(* Let $G$ be a connected graph. Define an auxiliary graph $\Gamma$ whose vertex set is $E(G)$, where two distinct edges of $G$ are adjacent in $\Gamma$ if and only if they have the form $vw$ and $vz$ (sharing the endpoint $v$) with $w$ and $z$ non-adjacent in $G$. Let $E_1,\dots,E_k$ be the vertex sets of the connected components of $\Gamma$ (a partition of $E(G)$). Then each $E_i$ is exactly the set of edges of $G$ that belong to bicliques whose corresponding vertices lie in one and the same connected component of $KB_e(G)$, and this gives a bijection between $\{E_1,\dots,E_k\}$ and the connected components of $KB_e(G)$. In particular, $KB_e(G)$ is connected if and only if $k=1$, i.e. $E_1=E(G)$.
   Context: All graphs are finite, simple and undirected. A biclique of a graph $G$ is a maximal (with respect to inclusion) induced subgraph of $G$ that is a complete bipartite graph $K_{p,q}$ with $p,q\ge 1$. The edge-biclique graph $KB_e(G)$ is the graph with one vertex for each biclique of $G$, in which two distinct vertices are adjacent if and only if the corresponding bicliques of $G$ have at least one edge in common. *)

(* A finite simple graph is a symmetric irreflexive
   relation e on a finType T. *)
From mathcomp Require Import all_boot.
Set Implicit Arguments. Unset Strict Implicit. Unset Printing Implicit Defensive.

Section Defs.
Variables (T : finType) (e : rel T).

Definition graph_connected : bool :=
  [exists x : T, true] && [forall x : T, forall y : T, connect e x y].

Definition edges : {set {set T}} :=
  [set A : {set T} | [exists u : T, exists v : T, e u v && (A == [set u; v])]].

Definition gammaAdj : rel {set T} := fun A B =>
  [&& A \in edges, B \in edges, A != B &
   [exists v : T, exists w : T, exists z : T,
     [&& A == [set v; w], B == [set v; z] & ~~ e w z]]].

Definition gamma_components : {set {set {set T}}} :=
  [set [set B in edges | connect gammaAdj A B] | A in edges].

Definition induces_complete_bipartite (B : {set T}) : bool :=
  [exists X : {set T}, exists Y : {set T},
    [&& X :|: Y == B, [disjoint X & Y], X != set0, Y != set0,
        [forall x in X, forall x' in X, ~~ e x x'],
        [forall y in Y, forall y' in Y, ~~ e y y'] &
        [forall x in X, forall y in Y, e x y]]].

Definition biclique (B : {set T}) : bool :=
  induces_complete_bipartite B &&
  [forall B' : {set T}, (B \subset B') && induces_complete_bipartite B' ==> (B' == B)].

(* Edges of G belonging to the biclique B (B is an induced subgraph). *)
Definition biclique_edges (B : {set T}) : {set {set T}} :=
  [set A in edges | A \subset B].

Definition kbAdj : rel {set T} := fun B1 B2 =>
  [&& biclique B1, biclique B2, B1 != B2 &
      [exists A in edges, (A \subset B1) && (A \subset B2)]].

Definition kb_components : {set {set {set T}}} :=
  [set [set B' | biclique B' && connect kbAdj B B'] | B in [set B | biclique B]].

Definition kb_connected : bool :=
  [exists B : {set T}, biclique B] &&
  [forall B1 : {set T}, forall B2 : {set T},
     biclique B1 && biclique B2 ==> connect kbAdj B1 B2].

Definition component_edges (K : {set {set T}}) : {set {set T}} :=
  [set A in edges | [exists B in K, A \in biclique_edges B]].

End Defs.

From mathcomp Require Import all_boot.
Set Implicit Arguments. Unset Strict Implicit. Unset Printing Implicit Defensive.

(* Two edges are Gamma-adjacent when they form an induced path v-w, v-z of
   length two; such a path spans an induced K_{1,2}, so any two Gamma-adjacent
   edges lie in a common biclique.  Conversely, inside an induced complete
   bipartite graph with sides X, Y any two edges xy, x'y' are linked in Gamma
   by xy - xy' - x'y' (the steps use the non-edges yy' and xx').  Hence:
   walking along a path of KB_e(G) (consecutive bicliques share an edge) the
   edges stay in one Gamma-component, and walking along a path of Gamma the
   edges stay in bicliques of one KB_e-component.  This gives the key identity
   [component_edgesE]: the edges of the bicliques of the KB_e-component of a
   biclique B0 form exactly the Gamma-component of any edge of B0.  The three
   parts of the theorem follow: the Gamma-components are the images of the
   KB_e-components, this map is injective (every biclique contains an edge),
   and therefore KB_e(G) is connected iff Gamma has a single component. *)

Section EdgeComponents.
Variables (T : finType) (e : rel T).
Hypotheses (e_sym : symmetric e) (e_irr : irreflexive e).

Local Notation icb := (induces_complete_bipartite e).

Lemma adj_neq x y : e x y -> x != y.
Proof. by apply: contraTneq => ->; rewrite e_irr. Qed.

Lemma edgesP A : A \in edges e -> exists u u', e u u' /\ A = [set u; u'].
Proof.
rewrite inE => /existsP[u /existsP[u' /andP[h /eqP->]]]; by exists u, u'.
Qed.

Lemma mem_edges x y : e x y -> [set x; y] \in edges e.
Proof.
move=> h; rewrite inE; apply/existsP; exists x; apply/existsP; exists y.
by rewrite h eqxx.
Qed.

Lemma edges_adj A v w : A \in edges e -> A = [set v; w] -> e v w.
Proof.
move=> /edgesP[u [u' [h ->]]] hA.
have hv : v \in [set u; u'] by rewrite hA set21.
have hw : w \in [set u; u'] by rewrite hA set22.
have hu' : u' \in [set v; w] by rewrite -hA set22.
have hu : u \in [set v; w] by rewrite -hA set21.
move/set2P: hv => [] ?; move/set2P: hw => [] ?; subst => //.
- by move/set2P: hu' => [] ee; move: h; rewrite ee e_irr.
- by rewrite e_sym.
- by move/set2P: hu => [] ee; move: h; rewrite ee e_irr.
Qed.

Lemma gamma_step v w z : e v w -> e v z -> ~~ e w z ->
  connect (gammaAdj e) [set v; w] [set v; z].
Proof.
move=> hw hz hwz; have [->|nwz] := eqVneq w z; first exact: connect0.
apply: connect1; rewrite /gammaAdj !mem_edges //=.
apply/andP; split.
  apply/eqP => h; have: w \in [set v; z] by rewrite -h set22.
  rewrite in_set2 => /orP[] /eqP ee.
  - by move: hw; rewrite ee e_irr.
  - by move: nwz; rewrite ee eqxx.
apply/existsP; exists v; apply/existsP; exists w; apply/existsP; exists z.
by rewrite !eqxx.
Qed.

Lemma icbP B : icb B -> exists X Y, [/\ B = X :|: Y,
  X != set0, Y != set0,
  (forall x x', x \in X -> x' \in X -> ~~ e x x') /\
  (forall y y', y \in Y -> y' \in Y -> ~~ e y y') &
  (forall x y, x \in X -> y \in Y -> e x y)].
Proof.
case/existsP => X /existsP[Y /and5P[/eqP hB _ hX hY /andP[hXX /andP[hYY hXY]]]].
exists X, Y; split => //; first split.
- by move=> x x' hx hx'; move/forallP/(_ x): hXX; rewrite hx => /forallP/(_ x'); rewrite hx'.
- by move=> y y' hy hy'; move/forallP/(_ y): hYY; rewrite hy => /forallP/(_ y'); rewrite hy'.
- by move=> x y hx hy; move/forallP/(_ x): hXY; rewrite hx => /forallP/(_ y); rewrite hy.
Qed.

Lemma icb_edge x y : e x y -> icb [set x; y].
Proof.
move=> hxy; apply/existsP; exists [set x]; apply/existsP; exists [set y].
rewrite eqxx /= disjoint_sym disjoints1 in_set1 eq_sym (adj_neq hxy) /=.
rewrite -!card_gt0 !cards1 /=.
apply/and3P; split; apply/forallP => a; apply/implyP; rewrite in_set1 => /eqP->;
  apply/forallP => b; apply/implyP; rewrite in_set1 => /eqP->; by rewrite ?e_irr.
Qed.

Lemma icb_path3 v w z : e v w -> e v z -> ~~ e w z -> icb [set v; w; z].
Proof.
move=> hw hz hwz; apply/existsP; exists [set v]; apply/existsP; exists [set w; z].
rewrite setUA eqxx /= disjoints1 in_set2 negb_or (adj_neq hw) (adj_neq hz) /=.
rewrite -!card_gt0 cards1 /=.
apply/and4P; split.
- by apply/card_gt0P; exists w; rewrite set21.
- apply/forallP => a; apply/implyP; rewrite in_set1 => /eqP->;
  apply/forallP => b; apply/implyP; rewrite in_set1 => /eqP->; by rewrite e_irr.
- apply/forallP => a; apply/implyP => /set2P[]->;
  apply/forallP => b; apply/implyP => /set2P[]->; by rewrite ?e_irr // e_sym.
- apply/forallP => a; apply/implyP; rewrite in_set1 => /eqP->;
  apply/forallP => b; apply/implyP => /set2P[]->; by [].
Qed.

Lemma icb_has_edge B : icb B -> exists2 A, A \in edges e & A \subset B.
Proof.
case/icbP => X [Y [hB /set0Pn[x hx] /set0Pn[y hy] _ hXY]].
exists [set x; y]; first exact/mem_edges/hXY.
by apply/subsetP => a /set2P[]->; rewrite hB inE ?hx ?hy ?orbT.
Qed.

(* All edges of an induced complete bipartite subgraph are Gamma-connected:
   xy and x'y' are linked through xy'. *)
Lemma icb_gamma_connect B A A' : icb B -> A \in edges e -> A' \in edges e ->
  A \subset B -> A' \subset B -> connect (gammaAdj e) A A'.
Proof.
case/icbP => X [Y [hB _ _ [hXX hYY] hXY]].
have cross A0 : A0 \in edges e -> A0 \subset B ->
    exists x y, [/\ x \in X, y \in Y & A0 = [set x; y]].
  move=> /edgesP[u [u' [h ->]]] /subsetP s.
  have := s u (set21 _ _); have := s u' (set22 _ _); rewrite hB !inE.
  case/orP => hu'; case/orP => hu.
  + by move: (hXX _ _ hu hu'); rewrite h.
  + by exists u', u; rewrite setUC.
  + by exists u, u'.
  + by move: (hYY _ _ hu hu'); rewrite h.
move=> hA hA' sA sA'.
have [x [y [hx hy ->]]] := cross _ hA sA.
have [x' [y' [hx' hy' ->]]] := cross _ hA' sA'.
apply: connect_trans (gamma_step (hXY _ _ hx hy) (hXY _ _ hx hy') (hYY _ _ hy hy')) _.
rewrite [[set x; y']]setUC [[set x'; y']]setUC.
by apply: gamma_step; rewrite 1?e_sym; [apply: hXY | apply: hXY | apply: hXX].
Qed.

Lemma biclique_icb B : biclique e B -> icb B.
Proof. by case/andP. Qed.

Lemma biclique_ext S : icb S -> exists2 B, biclique e B & S \subset B.
Proof.
move=> hS; have [A /maxsetP [hA hmax] sSA] := maxset_exists hS.
exists A => //; rewrite /biclique hA /=; apply/forallP => B'.
by apply/implyP => /andP[s h]; rewrite (hmax _ h s).
Qed.

(* Gamma-adjacent edges lie in a common biclique (extend the induced K_{1,2}). *)
Lemma gamma_common_biclique A B : gammaAdj e A B ->
  exists2 C, biclique e C & (A \subset C) && (B \subset C).
Proof.
case/and4P => hA hB _ /existsP[v /existsP[w /existsP[z /and3P[/eqP eA /eqP eB hwz]]]].
have hw := edges_adj hA eA; have hz := edges_adj hB eB.
have [C hC sC] := biclique_ext (icb_path3 hw hz hwz).
exists C => //; apply/andP; split; apply: subset_trans sC; rewrite ?eA ?eB;
  apply/subsetP => a /set2P[]->; by rewrite !inE eqxx ?orbT.
Qed.

Lemma kbAdj_sym : symmetric (kbAdj e).
Proof.
suff h B1 B2 : kbAdj e B1 B2 -> kbAdj e B2 B1.
  by move=> B1 B2; apply/idP/idP; apply: h.
move=> /and4P[h1 h2 h3 /existsP[A /andP[hA /andP[s1 s2]]]].
rewrite /kbAdj h1 h2 eq_sym h3 /=; apply/existsP; exists A; by rewrite hA s1 s2.
Qed.

Lemma kb_share B1 B2 A : biclique e B1 -> biclique e B2 -> A \in edges e ->
  A \subset B1 -> A \subset B2 -> connect (kbAdj e) B1 B2.
Proof.
move=> h1 h2 hA s1 s2; have [->|ne] := eqVneq B1 B2; first exact: connect0.
apply: connect1; rewrite /kbAdj h1 h2 ne /=; apply/existsP; exists A.
by rewrite hA s1 s2.
Qed.

Definition kb_class (B0 : {set T}) : {set {set T}} :=
  [set B' | biclique e B' && connect (kbAdj e) B0 B'].

Lemma kb_class_eq B1 B2 : connect (kbAdj e) B1 B2 -> kb_class B1 = kb_class B2.
Proof.
have kbsym := sym_connect_sym kbAdj_sym.
move=> c12; apply/setP => B; rewrite !inE; apply: andb_id2l => _.
apply/idP/idP => h; last exact: connect_trans c12 h.
by apply: connect_trans h; rewrite kbsym.
Qed.

Lemma kb_path_gamma_connect p : forall B0 A, biclique e B0 -> A \in edges e ->
  A \subset B0 -> path (kbAdj e) B0 p -> forall A', A' \in edges e ->
  A' \subset last B0 p -> connect (gammaAdj e) A A'.
Proof.
elim: p => [|B1 p IH] B0 A hB0 hA sA /=.
  by move=> _ A' hA' sA'; apply: (icb_gamma_connect (biclique_icb hB0)).
case/andP => /and4P[_ hB1 _ /existsP[A1 /andP[hA1 /andP[s0 s1]]]] hp A' hA' sA'.
apply: connect_trans (icb_gamma_connect (biclique_icb hB0) hA hA1 sA s0) _.
exact: (IH B1 A1 hB1 hA1 s1 hp A' hA' sA').
Qed.

Lemma gamma_path_kb_class p : forall A B0, biclique e B0 -> A \in edges e ->
  A \subset B0 -> path (gammaAdj e) A p ->
  exists2 B', B' \in kb_class B0 & last A p \subset B'.
Proof.
elim: p => [|A1 p IH] A B0 hB0 hA sA /=.
  by move=> _; exists B0; rewrite // inE hB0 connect0.
case/andP => hg hp.
have [C hC /andP[sAC sA1C]] := gamma_common_biclique hg.
have hA1 : A1 \in edges e by case/and4P: hg.
have [B' ] := IH A1 C hC hA1 sA1C hp; rewrite inE => /andP[hB' cB'] sB'.
exists B' => //; rewrite inE hB' /=.
exact: connect_trans (kb_share hB0 hC hA sA sAC) cB'.
Qed.

Lemma component_edgesE B0 A : biclique e B0 -> A \in edges e -> A \subset B0 ->
  component_edges e (kb_class B0) = [set A' in edges e | connect (gammaAdj e) A A'].
Proof.
move=> hB0 hA sA; apply/setP => A'; rewrite !inE.
apply: andb_id2l => hX; have hA' : A' \in edges e by rewrite inE.
apply/idP/idP.
  case/existsP => B' /andP[]; rewrite !inE => /andP[_ /connectP[p hp ->]].
  case/andP => _ sA'; exact: (kb_path_gamma_connect hB0 hA sA hp hA' sA').
case/connectP => p hp eA'.
have [B' hB' sB'] := gamma_path_kb_class hB0 hA sA hp.
by apply/existsP; exists B'; rewrite hB' !inE hX eA' sB'.
Qed.

Lemma gamma_components_kb :
  gamma_components e = [set component_edges e K | K in kb_components e].
Proof.
apply/setP => S; apply/imsetP/imsetP.
  case=> A hA ->.
  have [u [u' [huu eA]]] := edgesP hA.
  have [B0 hB0 sA] := biclique_ext (icb_edge huu); rewrite -eA in sA.
  exists (kb_class B0); first by apply/imsetP; exists B0; rewrite ?inE.
  by rewrite (component_edgesE hB0 hA sA).
case=> K /imsetP[B0 hB0 ->] ->; rewrite inE in hB0.
have [A hA sA] := icb_has_edge (biclique_icb hB0).
by exists A => //; rewrite (component_edgesE hB0 hA sA).
Qed.

(* Second part: distinct KB_e-components have distinct edge sets, since an
   edge of a biclique B1 found in a biclique of another component links them. *)
Lemma component_edges_inj : {in kb_components e &, injective (component_edges e)}.
Proof.
move=> K1 K2 /imsetP[B1 hB1 ->] /imsetP[B2 _ ->]; rewrite inE in hB1 => heq.
have [A1 hA1 sA1] := icb_has_edge (biclique_icb hB1).
have : A1 \in component_edges e (kb_class B1).
  rewrite [A1 \in component_edges _ _]inE hA1 /=; apply/existsP; exists B1.
  by rewrite inE hB1 connect0 /= [A1 \in biclique_edges _ _]inE hA1 sA1.
rewrite heq inE => /andP[_ /existsP[B' /andP[]]].
rewrite !inE => /andP[hB' c2] /andP[_ s'].
apply: kb_class_eq; apply: connect_trans (kb_share hB1 hB' hA1 sA1 s') _.
by rewrite (sym_connect_sym kbAdj_sym).
Qed.

Lemma kb_connectedE : kb_connected e <-> #|kb_components e| = 1.
Proof.
have in_kb B : biclique e B -> kb_class B \in kb_components e.
  by move=> hB; apply/imsetP; exists B; rewrite ?inE.
split.
  case/andP => /existsP[B hB] /forallP hall; apply/eqP/cards1P; exists (kb_class B).
  apply/setP => K; rewrite in_set1; apply/imsetP/eqP; last first.
    by move=> ->; exists B; rewrite ?inE.
  case=> B1; rewrite inE => hB1 ->; apply: kb_class_eq.
  by move/forallP: (hall B1) => /(_ B) /implyP; apply; rewrite hB1 hB.
move/eqP/cards1P => [K hK].
have : K \in kb_components e by rewrite hK set11.
case/imsetP => B0; rewrite inE => hB0 _.
apply/andP; split; first by apply/existsP; exists B0.
apply/forallP => B1; apply/forallP => B2; apply/implyP => /andP[h1 h2].
have := in_kb _ h1; have := in_kb _ h2; rewrite hK !in_set1 => /eqP k2 /eqP k1.
have : B2 \in kb_class B2 by rewrite inE h2 connect0.
by rewrite k2 -k1 inE => /andP[_ ->].
Qed.

End EdgeComponents.

Theorem mainTheorem3 (T : finType) (e : rel T)
  (e_sym : symmetric e) (e_irr : irreflexive e)
  (G_conn : graph_connected e) :
  [/\ gamma_components e = [set component_edges e K | K in kb_components e],
      {in kb_components e &, injective (component_edges e)} &
      (kb_connected e <-> #|gamma_components e| = 1)].
Proof.
have gammaE := gamma_components_kb e_sym e_irr.
have inj := @component_edges_inj T e.
split => //.
by rewrite gammaE card_in_imset //; exact: kb_connectedE.
Qed.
-=-=-
WHAT THE TASK REQUIRES: With the line that has "edge of a biclique" as the first and the line that has "case/andP => /existsP[B" as the last, repeat exactly that run of lines above and no more.

EXERCISE OUTPUT:
   edge of a biclique B1 found in a biclique of another component links them. *)
Lemma component_edges_inj : {in kb_components e &, injective (component_edges e)}.
Proof.
move=> K1 K2 /imsetP[B1 hB1 ->] /imsetP[B2 _ ->]; rewrite inE in hB1 => heq.
have [A1 hA1 sA1] := icb_has_edge (biclique_icb hB1).
have : A1 \in component_edges e (kb_class B1).
  rewrite [A1 \in component_edges _ _]inE hA1 /=; apply/existsP; exists B1.
  by rewrite inE hB1 connect0 /= [A1 \in biclique_edges _ _]inE hA1 sA1.
rewrite heq inE => /andP[_ /existsP[B' /andP[]]].
rewrite !inE => /andP[hB' c2] /andP[_ s'].
apply: kb_class_eq; apply: connect_trans (kb_share hB1 hB' hA1 sA1 s') _.
by rewrite (sym_connect_sym kbAdj_sym).
Qed.

Lemma kb_connectedE : kb_connected e <-> #|kb_components e| = 1.
Proof.
have in_kb B : biclique e B -> kb_class B \in kb_components e.
  by move=> hB; apply/imsetP; exists B; rewrite ?inE.
split.
  case/andP => /existsP[B hB] /forallP hall; apply/eqP/cards1P; exists (kb_class B).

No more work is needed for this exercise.